Aquisição de livros em nome de uma cooperativa inexistente e dinheiro do aluguel de salas para o vestibular depositado em conta pessoal. Estas são algumas das irregularidades que, segundo a ex-diretoria da Associação de Pais e Mestres (APM) da Escola Estadual Gabriel Carneiro Martins, localizada no Jardim Bancários, (zona oeste de Londrina), foram cometidas pela diretora da instituição, Irene Ortiz.
Uma das possíveis irregularidades apontada por integrantes da antiga diretoria da APM é com relação à aquisição de livros junto à editora FTD. Segundo a ex-tesoureira da associação, Deisy de Freitas, a compra de livros aconteceu em março do ano passado, mas eles só ficaram sabendo disso no segundo semestre. Na ocasião, durante uma reunião, a diretora teria falado que o dinheiro do programa Acorda Brasil poderia ser usado para quitar o débito junto à editora.
‘‘Primeiro ela disse que a dívida era de mais ou menos R$ 2 mil, depois disse que era de R$ 700,00’’, relata. Questionada sobre o assunto, a diretora teria contado que a aquisição foi feita pela cooperativa da escola que tinha o mesmo CGC da APM. ‘‘Ela fez uma compra irregular utilizando uma cooperativa que não existe’’, observa Antonio Lucimar Ferreira Luiz, pai de um aluno.

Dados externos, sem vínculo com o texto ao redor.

Lemma extension_compatible : compatible_path inc Q.
Proof.
have Pc c w : path_has_edge P c w -> c \in P by case/path_has_edge_mem/andP.
apply/compatible_pathP => c w w' Qcw Qcw'; apply/negP => h.
have [ey | cny] := eqVneq c y; first subst c.
  have at_y z : path_has_edge Q y z -> z = x.
    case/extension_edge => [/Pc | [] /same_edgeP [] []]; rewrite ?(negPf y_notin_P) //;
      by move=> /eqP; rewrite (negPf y_neq_x).
  by move: h; rewrite (at_y _ Qcw) (at_y _ Qcw') inc_irr.
have [ex | cnx] := eqVneq c x; first subst c.
  have at_x z : path_has_edge Q x z -> z = y \/ z = v0.
    case/extension_edge => [/Pc | [] /same_edgeP [] []]; rewrite ?(negPf x_notin_P) //; auto;
      by move=> /eqP; rewrite eq_sym ?(negPf y_neq_x) ?(negPf v0_neq_x).
  move: h; case: (at_x _ Qcw) (at_x _ Qcw') => -> [] ->; rewrite ?inc_irr // => h.
    by move/negP: v0_compat.
  by move/inc_sym: h; apply/negP.
have [ev0 | cnv0] := eqVneq c v0; first subst c.
  have at_v0 z : path_has_edge Q v0 z -> z = v1 \/ z = x.
    case/extension_edge => [/(path_has_edge_head uP) | [] /same_edgeP [] []]; auto;
      by move=> /eqP; rewrite (negPf v0_neq_x).
  move: h; case: (at_v0 _ Qcw) (at_v0 _ Qcw') => -> [] ->; rewrite ?inc_irr // => h.
    by move/negP: v1_compat.
  by move/inc_sym: h; apply/negP.
have in_P z : path_has_edge Q c z -> path_has_edge P c z.
  by case/extension_edge => // -[] /same_edgeP [] [ec _];
    [move: cny | move: cnx | move: cnx | move: cnv0]; rewrite ec eqxx.
exact: compatP (in_P _ Qcw) (in_P _ Qcw') h.
Qed.

Lemma extension_good_head : good8 Q y.
Proof.
apply: (good_transfer _ size_PQ uP uQ) good_y; rewrite ?mulr_ge0 ?sqrtr_ge0 //.
move=> c z /extension_edge [// | [] /same_edgeP [] [-> ->]] ayc h; exfalso.
- by rewrite adj_irr in ayc.
- by rewrite inc_irr in h.
- by move/negP: v0_compat.
- by move: (A_notin_B v0A); rewrite (adj_A_B ayc (a_A j)).
Qed.

Lemma extension_good_last : good8 Q vl.
Proof.
apply: (good_transfer _ size_PQ uP uQ) good_vl; rewrite ?mulr_ge0 ?sqrtr_ge0 //.
have x_not_adj_vl : ~~ adj vl x.
  by apply/negP => /adj_B_A /(_ vlB); rewrite (negPf (B_notin_A (b_B j))).
move=> c z /extension_edge [// | [] /same_edgeP [] [-> ->]] alc h; exfalso.
- by move/negP: y_compat; apply; apply: inc_sym.
- by rewrite (negPf x_not_adj_vl) in alc.
- by rewrite (negPf x_not_adj_vl) in alc.
- by move/negP: vl_compat.
Qed.

Lemma extension_smooth : PS [:: f x, x & P].
Proof.
rewrite fmatch_b; apply: (proper_smooth_intro (d := y)) => //.
- by move=> c z /extension_edge [/adjP | [] /same_edgeP [] [-> ->]];
    rewrite // ?adj_ab // adj_sym ?adj_ab.
- exact: extension_proper.
- exact: a_A.
- exact: extension_compatible.
- exact: extension_good_head.
- exact: extension_good_last.
Qed.

End Extension.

A antiga diretoria da APM procurou a editora, que informou que o débito já havia sido encaminhado para uma empresa de cobrança e os títulos estavam em cartório. Segundo Deisy Freitas, a diretora alegou que a dívida aconteceu porque alguns alunos não pagaram pelos livros, mas ela não quis fornecer a lista dos devedores. Ao final, contam os ex-diretores, a diretora acabou emitindo cheques de sua conta corrente particular para quitar o débito.
Os ex-integrantes da associação explicam ainda que a diretora ficou com parte da contribuição espontânea de pais de alunos e que a movimentação financeira da cantina da escola não constava nos documentos fornecidos. Deisy de Freitas diz ter solicitado o controle das contas, mas até agora ela não entregou nada.
A situação do aluguel de salas para a Universidade Estadual de Londrina (UEL) é outro ponto questionado pela antiga diretoria. Mostrando cópia conseguida junto à universidade, Deisy de Freitas explica que o valor (R$ 725,00) foi depositado na conta corrente particular de Irene Ortiz. Além disso, eles querem obter informações sobre o valor enviado pelo Proem para reforma na escola. Deisy de Freitas e Antonio Luiz confirmam que algumas obras foram realizadas, mas afirmam que não têm detalhes sobre quanto custou e o que foi feito.
Todas estas informações estão contidas em um documento encaminhado ao Núcleo Regional de Ensino (NRE) e à Secretaria Estadual da Educação, pedindo providências. Deisy de Freitas explica que o ofício para o NRE foi encaminhado em novembro do ano passado. ‘‘Esperamos até o dia 9 de fevereiro e resolvemos ligar para a Genoveva (Maria Genoveva Belucci, chefe do núcleo), que disse que foi feita uma advertência para a diretora’’, relata. A APM pediu que encaminhasse cópia da advertência, mas isso não foi feito até agora. A associação também não obteve resposta da Secretaria.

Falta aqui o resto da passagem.